◆ TRY IT ◆
In the entries that follow, the lines from the one with "m = prod_(i > 0) (gamma_i + 1)." through the one with "z^(gamma_i g_i)); over" are the ones to write out, exactly and with both ends included. Nothing else should appear.

◆ AVAILABLE DATA ◆
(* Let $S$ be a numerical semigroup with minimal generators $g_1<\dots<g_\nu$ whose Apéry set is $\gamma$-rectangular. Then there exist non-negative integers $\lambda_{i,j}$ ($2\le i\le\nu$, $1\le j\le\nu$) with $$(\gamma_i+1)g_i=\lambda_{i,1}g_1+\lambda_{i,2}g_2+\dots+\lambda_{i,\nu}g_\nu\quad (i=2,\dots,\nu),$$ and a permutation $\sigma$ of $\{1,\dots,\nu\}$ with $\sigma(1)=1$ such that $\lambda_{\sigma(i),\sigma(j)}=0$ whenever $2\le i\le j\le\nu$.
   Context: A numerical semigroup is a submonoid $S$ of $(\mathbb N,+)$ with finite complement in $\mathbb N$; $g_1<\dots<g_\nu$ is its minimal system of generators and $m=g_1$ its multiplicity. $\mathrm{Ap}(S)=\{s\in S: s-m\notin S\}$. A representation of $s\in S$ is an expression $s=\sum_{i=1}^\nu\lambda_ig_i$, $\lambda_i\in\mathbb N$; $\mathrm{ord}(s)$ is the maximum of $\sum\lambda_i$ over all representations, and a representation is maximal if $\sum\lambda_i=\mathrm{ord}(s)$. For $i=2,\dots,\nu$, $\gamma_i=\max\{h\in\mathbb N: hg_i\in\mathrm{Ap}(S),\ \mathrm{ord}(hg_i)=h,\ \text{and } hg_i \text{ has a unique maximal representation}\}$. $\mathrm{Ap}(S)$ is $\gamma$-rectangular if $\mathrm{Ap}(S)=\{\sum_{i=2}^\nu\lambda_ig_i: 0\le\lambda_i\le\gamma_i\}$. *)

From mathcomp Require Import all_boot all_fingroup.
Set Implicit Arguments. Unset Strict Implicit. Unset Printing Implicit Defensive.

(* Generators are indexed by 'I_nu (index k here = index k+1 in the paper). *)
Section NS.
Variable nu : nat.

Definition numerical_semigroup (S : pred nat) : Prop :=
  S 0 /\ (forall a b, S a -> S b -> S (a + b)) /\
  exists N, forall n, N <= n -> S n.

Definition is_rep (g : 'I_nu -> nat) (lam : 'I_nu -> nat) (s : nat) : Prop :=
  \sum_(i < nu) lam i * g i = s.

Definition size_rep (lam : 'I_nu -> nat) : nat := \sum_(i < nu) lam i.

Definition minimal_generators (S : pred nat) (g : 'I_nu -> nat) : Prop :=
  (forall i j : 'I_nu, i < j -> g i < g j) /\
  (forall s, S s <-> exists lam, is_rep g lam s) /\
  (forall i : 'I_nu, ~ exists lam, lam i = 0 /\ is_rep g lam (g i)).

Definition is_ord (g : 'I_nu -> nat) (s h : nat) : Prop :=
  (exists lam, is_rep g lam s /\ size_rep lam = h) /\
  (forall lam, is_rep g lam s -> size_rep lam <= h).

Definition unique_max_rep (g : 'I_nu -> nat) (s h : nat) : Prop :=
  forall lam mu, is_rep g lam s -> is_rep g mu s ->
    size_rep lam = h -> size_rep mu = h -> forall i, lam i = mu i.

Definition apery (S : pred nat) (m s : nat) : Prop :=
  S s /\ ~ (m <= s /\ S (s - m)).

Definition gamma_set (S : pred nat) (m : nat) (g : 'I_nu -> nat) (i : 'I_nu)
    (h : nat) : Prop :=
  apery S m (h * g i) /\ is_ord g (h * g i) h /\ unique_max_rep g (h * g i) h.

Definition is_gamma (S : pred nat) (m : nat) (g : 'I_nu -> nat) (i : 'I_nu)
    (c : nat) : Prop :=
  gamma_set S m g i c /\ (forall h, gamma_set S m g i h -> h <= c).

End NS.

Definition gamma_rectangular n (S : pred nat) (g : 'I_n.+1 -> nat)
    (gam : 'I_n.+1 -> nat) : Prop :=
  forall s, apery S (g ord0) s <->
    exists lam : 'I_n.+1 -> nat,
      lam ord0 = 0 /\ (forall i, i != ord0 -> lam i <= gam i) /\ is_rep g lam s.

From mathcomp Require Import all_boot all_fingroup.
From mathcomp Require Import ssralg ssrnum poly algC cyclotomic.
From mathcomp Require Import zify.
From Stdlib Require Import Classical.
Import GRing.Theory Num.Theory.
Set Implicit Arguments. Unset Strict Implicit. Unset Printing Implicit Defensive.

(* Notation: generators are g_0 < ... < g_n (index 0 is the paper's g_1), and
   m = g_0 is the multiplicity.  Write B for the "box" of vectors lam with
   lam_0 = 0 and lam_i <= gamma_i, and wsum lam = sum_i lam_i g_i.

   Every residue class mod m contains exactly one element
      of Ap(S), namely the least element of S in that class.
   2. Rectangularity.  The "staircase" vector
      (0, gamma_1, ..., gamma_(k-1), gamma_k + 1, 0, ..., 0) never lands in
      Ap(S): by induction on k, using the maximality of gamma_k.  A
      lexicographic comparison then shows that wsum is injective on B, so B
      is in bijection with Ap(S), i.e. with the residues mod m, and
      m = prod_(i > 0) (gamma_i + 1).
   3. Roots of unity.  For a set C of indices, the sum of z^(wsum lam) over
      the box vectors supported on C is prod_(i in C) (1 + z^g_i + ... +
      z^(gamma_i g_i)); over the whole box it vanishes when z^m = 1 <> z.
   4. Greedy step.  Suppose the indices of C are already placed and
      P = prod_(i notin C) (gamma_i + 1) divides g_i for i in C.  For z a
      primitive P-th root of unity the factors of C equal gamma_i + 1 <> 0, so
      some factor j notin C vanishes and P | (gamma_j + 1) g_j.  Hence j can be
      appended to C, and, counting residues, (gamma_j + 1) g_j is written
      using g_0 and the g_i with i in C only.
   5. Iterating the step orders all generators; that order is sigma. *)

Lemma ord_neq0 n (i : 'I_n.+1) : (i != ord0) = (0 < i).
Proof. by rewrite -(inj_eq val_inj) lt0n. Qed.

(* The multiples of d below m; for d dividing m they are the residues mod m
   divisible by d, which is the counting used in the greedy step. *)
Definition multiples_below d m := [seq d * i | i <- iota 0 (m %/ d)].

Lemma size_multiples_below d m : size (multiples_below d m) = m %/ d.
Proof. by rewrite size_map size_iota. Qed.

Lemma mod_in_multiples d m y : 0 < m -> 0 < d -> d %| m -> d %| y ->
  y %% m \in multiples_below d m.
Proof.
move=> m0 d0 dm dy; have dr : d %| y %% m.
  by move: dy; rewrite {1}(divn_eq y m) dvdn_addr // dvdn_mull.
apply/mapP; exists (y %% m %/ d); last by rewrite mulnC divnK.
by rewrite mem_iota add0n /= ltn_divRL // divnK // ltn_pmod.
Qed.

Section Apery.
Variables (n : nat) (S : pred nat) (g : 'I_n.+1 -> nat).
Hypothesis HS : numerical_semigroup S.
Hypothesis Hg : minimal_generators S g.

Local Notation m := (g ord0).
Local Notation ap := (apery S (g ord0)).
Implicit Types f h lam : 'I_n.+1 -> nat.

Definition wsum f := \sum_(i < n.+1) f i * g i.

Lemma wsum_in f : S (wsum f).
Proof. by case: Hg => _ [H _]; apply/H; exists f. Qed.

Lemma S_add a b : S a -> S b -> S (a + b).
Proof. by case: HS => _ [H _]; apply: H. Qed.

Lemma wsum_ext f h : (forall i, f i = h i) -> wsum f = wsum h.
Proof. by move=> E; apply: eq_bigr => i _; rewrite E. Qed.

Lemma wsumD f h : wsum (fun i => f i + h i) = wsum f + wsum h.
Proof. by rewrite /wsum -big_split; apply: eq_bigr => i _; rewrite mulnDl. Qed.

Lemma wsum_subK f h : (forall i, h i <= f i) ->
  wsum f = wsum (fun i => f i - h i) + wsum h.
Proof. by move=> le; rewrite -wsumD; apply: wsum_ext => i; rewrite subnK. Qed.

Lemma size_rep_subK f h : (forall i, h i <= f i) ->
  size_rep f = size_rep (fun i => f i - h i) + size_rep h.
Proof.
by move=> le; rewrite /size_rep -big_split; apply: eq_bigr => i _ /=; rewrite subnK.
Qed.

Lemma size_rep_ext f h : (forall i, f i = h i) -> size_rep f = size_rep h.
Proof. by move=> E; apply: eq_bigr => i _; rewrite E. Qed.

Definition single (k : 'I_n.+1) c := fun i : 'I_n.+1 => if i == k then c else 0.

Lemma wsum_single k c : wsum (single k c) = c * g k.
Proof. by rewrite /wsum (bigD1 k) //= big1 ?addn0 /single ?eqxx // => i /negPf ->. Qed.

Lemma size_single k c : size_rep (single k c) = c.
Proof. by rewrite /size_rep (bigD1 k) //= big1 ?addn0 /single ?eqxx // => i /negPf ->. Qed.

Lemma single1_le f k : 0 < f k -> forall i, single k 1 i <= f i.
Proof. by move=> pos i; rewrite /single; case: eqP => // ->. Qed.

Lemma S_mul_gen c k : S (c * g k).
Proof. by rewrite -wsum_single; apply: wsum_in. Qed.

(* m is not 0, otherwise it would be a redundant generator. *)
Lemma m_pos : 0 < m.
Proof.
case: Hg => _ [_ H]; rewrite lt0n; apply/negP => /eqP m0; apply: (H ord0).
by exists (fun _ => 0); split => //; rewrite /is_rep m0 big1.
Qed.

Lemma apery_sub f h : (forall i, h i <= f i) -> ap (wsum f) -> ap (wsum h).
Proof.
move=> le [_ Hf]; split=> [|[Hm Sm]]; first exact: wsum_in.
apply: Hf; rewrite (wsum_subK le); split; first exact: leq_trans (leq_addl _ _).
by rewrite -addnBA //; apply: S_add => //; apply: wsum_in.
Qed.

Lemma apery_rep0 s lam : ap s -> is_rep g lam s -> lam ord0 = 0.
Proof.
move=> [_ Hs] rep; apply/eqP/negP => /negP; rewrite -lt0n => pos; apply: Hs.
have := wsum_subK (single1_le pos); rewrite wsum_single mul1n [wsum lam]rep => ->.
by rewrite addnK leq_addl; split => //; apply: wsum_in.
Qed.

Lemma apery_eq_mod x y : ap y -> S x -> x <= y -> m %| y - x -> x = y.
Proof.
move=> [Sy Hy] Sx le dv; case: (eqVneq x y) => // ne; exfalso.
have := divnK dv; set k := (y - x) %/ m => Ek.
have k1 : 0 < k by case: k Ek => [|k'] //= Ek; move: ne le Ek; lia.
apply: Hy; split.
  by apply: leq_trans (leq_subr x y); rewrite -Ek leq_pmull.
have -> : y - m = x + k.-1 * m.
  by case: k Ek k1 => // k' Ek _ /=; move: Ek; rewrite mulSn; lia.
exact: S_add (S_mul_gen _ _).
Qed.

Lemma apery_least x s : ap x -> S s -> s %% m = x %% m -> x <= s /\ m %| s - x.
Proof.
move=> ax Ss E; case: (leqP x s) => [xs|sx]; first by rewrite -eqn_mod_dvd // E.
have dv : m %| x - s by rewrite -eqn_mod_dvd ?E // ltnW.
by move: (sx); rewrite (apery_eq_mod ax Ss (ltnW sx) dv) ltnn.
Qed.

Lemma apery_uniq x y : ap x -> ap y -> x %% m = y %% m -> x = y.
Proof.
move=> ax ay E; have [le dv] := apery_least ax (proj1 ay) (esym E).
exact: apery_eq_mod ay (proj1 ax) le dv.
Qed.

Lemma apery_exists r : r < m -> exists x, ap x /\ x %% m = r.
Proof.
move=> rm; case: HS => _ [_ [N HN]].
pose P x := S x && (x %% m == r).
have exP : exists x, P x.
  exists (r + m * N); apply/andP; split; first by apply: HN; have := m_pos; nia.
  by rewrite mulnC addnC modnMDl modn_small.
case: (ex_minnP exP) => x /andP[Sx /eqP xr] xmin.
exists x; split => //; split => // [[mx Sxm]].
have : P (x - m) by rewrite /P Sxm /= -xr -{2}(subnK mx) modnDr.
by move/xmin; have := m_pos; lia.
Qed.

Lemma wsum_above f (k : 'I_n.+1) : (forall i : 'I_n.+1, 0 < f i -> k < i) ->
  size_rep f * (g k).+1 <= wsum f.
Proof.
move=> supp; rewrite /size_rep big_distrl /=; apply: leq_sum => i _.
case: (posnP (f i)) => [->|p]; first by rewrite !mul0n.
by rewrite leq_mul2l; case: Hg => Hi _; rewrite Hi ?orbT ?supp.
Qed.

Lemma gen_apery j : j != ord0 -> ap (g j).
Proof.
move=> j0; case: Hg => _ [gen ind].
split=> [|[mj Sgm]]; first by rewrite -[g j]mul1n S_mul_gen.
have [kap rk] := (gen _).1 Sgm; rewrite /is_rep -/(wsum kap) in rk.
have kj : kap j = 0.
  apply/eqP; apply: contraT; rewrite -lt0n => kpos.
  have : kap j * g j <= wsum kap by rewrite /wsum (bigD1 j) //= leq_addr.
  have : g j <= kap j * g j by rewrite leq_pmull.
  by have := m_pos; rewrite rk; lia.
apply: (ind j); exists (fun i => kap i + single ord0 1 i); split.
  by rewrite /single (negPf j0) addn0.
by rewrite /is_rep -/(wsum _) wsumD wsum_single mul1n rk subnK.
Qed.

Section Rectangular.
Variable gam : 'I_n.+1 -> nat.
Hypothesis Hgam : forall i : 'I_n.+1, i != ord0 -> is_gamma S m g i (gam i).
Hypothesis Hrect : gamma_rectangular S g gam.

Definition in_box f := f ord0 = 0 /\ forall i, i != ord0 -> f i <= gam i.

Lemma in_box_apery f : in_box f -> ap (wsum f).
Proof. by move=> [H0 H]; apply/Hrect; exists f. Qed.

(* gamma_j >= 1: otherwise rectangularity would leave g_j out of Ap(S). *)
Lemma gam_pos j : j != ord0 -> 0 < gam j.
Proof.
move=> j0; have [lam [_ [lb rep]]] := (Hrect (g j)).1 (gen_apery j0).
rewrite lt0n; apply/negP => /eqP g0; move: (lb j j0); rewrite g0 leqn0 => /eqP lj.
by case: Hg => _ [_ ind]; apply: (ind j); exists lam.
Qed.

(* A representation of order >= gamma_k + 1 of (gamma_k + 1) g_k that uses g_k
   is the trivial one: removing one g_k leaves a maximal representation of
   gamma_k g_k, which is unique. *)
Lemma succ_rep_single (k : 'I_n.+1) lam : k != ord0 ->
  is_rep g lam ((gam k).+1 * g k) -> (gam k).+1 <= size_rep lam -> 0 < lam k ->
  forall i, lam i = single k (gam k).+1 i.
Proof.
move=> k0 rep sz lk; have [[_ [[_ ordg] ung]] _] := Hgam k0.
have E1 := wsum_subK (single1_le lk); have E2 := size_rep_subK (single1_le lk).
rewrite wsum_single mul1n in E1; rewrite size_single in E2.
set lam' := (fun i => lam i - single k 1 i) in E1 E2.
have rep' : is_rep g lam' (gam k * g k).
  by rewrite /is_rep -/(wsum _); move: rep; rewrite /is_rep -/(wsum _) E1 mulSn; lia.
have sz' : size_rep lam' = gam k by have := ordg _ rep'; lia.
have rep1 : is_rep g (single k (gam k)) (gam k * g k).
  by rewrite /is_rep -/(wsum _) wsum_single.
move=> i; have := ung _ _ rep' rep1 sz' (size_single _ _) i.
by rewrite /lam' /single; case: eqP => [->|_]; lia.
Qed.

◆ RESPONSE BOX ◆
      m = prod_(i > 0) (gamma_i + 1).
   3. Roots of unity.  For a set C of indices, the sum of z^(wsum lam) over
      the box vectors supported on C is prod_(i in C) (1 + z^g_i + ... +
      z^(gamma_i g_i)); over the whole box it vanishes when z^m = 1 <> z.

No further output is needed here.